Somewhere below are a line with "Definition strictly_diag_dominated (A" and a later line with "Definition is_B (A". Output exactly those lines and all lines between them.

[Stored data entries]
· · ·
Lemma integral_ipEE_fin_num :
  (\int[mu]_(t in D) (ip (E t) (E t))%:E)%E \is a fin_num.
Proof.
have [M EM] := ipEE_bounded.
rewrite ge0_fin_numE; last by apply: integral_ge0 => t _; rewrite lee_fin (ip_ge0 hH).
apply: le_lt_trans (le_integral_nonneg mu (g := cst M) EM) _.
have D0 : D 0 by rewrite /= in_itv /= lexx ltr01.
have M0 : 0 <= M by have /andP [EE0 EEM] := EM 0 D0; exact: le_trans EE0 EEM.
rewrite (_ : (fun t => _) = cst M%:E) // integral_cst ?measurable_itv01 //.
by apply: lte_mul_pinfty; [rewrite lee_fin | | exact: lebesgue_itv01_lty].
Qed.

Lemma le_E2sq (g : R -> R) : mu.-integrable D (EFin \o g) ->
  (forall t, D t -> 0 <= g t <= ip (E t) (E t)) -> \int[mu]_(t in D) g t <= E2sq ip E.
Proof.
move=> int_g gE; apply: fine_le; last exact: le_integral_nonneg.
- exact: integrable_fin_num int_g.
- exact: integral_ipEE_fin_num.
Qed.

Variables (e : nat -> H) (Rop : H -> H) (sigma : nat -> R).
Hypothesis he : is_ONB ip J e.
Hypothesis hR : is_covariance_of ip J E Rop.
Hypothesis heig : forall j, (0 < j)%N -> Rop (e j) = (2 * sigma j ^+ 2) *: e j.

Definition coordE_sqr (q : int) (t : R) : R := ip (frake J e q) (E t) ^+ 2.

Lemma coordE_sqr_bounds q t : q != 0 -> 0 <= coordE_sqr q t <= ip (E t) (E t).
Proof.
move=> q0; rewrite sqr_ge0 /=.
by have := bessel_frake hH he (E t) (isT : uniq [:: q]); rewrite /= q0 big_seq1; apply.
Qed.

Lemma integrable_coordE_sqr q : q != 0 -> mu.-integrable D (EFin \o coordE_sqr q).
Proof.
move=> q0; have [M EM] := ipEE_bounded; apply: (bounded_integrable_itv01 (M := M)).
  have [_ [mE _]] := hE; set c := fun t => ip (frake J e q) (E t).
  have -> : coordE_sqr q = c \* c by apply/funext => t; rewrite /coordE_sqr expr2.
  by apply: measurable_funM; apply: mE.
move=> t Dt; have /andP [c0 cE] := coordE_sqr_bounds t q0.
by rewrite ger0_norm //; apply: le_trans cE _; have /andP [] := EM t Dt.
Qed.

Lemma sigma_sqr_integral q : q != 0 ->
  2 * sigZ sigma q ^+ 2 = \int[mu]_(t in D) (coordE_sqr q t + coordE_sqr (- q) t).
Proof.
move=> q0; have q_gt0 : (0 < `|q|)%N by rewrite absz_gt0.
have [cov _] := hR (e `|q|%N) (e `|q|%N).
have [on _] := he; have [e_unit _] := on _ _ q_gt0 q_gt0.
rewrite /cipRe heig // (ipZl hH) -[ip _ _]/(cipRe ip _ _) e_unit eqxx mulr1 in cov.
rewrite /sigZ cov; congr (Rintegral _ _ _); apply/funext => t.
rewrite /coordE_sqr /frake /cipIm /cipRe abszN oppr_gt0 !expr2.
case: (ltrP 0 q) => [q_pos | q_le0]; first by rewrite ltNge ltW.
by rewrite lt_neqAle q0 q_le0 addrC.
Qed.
· · ·
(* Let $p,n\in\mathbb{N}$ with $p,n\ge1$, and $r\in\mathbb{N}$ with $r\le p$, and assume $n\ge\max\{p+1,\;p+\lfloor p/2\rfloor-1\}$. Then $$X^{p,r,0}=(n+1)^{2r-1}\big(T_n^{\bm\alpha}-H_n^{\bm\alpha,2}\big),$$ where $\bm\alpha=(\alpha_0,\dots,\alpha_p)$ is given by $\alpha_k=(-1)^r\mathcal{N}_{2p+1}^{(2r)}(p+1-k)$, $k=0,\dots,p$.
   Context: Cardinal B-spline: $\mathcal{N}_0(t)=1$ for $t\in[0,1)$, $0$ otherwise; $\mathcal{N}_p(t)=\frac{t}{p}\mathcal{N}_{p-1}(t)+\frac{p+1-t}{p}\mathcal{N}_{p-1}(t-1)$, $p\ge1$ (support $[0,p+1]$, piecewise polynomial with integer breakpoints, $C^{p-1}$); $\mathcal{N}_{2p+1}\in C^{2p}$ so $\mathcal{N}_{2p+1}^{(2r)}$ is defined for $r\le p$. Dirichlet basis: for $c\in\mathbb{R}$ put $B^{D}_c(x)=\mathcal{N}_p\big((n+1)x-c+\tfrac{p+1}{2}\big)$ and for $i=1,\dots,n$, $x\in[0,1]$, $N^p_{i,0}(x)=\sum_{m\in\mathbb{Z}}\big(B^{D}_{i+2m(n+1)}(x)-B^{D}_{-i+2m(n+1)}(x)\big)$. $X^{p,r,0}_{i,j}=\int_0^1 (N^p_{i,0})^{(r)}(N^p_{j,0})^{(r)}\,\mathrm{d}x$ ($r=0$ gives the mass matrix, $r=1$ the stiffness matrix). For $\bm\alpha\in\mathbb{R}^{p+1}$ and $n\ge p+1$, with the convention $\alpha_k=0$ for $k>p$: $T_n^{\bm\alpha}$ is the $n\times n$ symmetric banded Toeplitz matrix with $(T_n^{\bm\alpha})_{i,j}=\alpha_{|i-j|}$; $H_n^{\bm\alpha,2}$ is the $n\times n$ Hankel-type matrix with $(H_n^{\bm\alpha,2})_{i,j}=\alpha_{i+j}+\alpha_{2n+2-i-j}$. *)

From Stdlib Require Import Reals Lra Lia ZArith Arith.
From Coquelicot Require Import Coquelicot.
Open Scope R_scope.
· · ·
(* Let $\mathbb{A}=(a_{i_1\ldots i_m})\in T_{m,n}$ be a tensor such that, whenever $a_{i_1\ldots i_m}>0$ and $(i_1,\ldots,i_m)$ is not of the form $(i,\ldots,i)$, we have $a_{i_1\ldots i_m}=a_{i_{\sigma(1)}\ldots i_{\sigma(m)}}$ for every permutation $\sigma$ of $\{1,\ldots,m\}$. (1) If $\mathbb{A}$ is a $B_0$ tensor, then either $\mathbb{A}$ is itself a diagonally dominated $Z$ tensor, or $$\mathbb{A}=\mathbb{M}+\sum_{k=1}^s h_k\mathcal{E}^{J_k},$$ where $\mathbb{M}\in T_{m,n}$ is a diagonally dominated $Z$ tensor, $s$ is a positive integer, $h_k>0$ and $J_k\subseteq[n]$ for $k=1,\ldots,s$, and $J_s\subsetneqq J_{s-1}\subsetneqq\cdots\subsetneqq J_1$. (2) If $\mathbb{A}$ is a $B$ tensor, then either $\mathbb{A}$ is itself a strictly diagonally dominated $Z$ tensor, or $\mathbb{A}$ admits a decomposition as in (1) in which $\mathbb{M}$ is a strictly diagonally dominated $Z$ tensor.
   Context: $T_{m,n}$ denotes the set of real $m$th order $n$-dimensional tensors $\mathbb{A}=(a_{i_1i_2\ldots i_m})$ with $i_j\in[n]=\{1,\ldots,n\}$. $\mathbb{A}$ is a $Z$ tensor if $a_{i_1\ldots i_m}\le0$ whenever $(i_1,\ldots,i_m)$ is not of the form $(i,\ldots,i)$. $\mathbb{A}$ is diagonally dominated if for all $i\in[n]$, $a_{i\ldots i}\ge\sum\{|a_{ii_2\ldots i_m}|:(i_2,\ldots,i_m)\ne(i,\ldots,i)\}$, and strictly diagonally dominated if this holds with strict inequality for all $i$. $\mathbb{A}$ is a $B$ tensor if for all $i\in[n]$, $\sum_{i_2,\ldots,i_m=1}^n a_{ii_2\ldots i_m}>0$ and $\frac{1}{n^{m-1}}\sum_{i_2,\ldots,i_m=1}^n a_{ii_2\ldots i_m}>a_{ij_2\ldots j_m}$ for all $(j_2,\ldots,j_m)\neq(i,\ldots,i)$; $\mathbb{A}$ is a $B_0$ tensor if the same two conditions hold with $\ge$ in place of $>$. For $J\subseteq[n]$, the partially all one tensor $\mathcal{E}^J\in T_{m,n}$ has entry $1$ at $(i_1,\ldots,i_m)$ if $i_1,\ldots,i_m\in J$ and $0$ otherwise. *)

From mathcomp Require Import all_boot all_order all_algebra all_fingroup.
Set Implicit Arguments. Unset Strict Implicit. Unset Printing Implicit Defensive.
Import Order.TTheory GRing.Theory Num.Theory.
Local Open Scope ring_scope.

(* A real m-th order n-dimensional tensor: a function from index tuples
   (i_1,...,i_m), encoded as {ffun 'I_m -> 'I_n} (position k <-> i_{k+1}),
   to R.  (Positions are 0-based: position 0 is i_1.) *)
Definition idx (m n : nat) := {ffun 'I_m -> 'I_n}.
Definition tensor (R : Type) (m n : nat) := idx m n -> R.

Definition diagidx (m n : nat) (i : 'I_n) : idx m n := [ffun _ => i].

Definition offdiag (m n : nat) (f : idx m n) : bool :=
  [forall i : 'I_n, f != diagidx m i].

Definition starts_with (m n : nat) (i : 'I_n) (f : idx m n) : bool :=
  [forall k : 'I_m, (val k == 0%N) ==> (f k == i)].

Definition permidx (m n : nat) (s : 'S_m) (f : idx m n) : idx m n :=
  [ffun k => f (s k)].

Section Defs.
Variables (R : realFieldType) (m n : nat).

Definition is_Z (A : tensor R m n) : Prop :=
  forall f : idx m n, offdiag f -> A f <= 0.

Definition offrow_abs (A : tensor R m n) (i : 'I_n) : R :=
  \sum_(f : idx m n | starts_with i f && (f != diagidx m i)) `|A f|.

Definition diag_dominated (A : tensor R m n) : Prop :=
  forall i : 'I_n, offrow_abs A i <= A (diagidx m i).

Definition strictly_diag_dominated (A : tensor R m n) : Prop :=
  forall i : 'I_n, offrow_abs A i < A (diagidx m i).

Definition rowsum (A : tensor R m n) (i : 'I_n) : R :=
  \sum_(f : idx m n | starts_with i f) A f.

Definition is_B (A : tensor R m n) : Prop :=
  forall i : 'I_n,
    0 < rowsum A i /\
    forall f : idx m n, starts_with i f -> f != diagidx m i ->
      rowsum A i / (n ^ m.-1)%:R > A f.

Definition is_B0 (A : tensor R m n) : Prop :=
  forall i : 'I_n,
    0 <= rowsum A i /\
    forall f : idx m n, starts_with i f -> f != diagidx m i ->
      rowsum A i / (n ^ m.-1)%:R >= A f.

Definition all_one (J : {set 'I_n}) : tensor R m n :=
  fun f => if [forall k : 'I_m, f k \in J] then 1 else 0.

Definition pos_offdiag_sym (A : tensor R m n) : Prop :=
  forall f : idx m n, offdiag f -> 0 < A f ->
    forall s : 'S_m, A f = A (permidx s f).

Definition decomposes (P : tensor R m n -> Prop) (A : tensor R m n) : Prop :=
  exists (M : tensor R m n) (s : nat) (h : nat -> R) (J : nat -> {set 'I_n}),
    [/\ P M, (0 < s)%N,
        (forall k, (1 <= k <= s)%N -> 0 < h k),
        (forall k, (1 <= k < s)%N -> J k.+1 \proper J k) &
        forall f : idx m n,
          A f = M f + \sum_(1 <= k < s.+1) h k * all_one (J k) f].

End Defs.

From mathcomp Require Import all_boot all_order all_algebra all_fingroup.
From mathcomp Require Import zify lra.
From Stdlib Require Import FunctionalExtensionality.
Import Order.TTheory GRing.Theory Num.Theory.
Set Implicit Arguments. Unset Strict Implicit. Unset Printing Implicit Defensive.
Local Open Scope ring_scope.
· · ·
Output:
Definition strictly_diag_dominated (A : tensor R m n) : Prop :=
  forall i : 'I_n, offrow_abs A i < A (diagidx m i).

Definition rowsum (A : tensor R m n) (i : 'I_n) : R :=
  \sum_(f : idx m n | starts_with i f) A f.

Definition is_B (A : tensor R m n) : Prop :=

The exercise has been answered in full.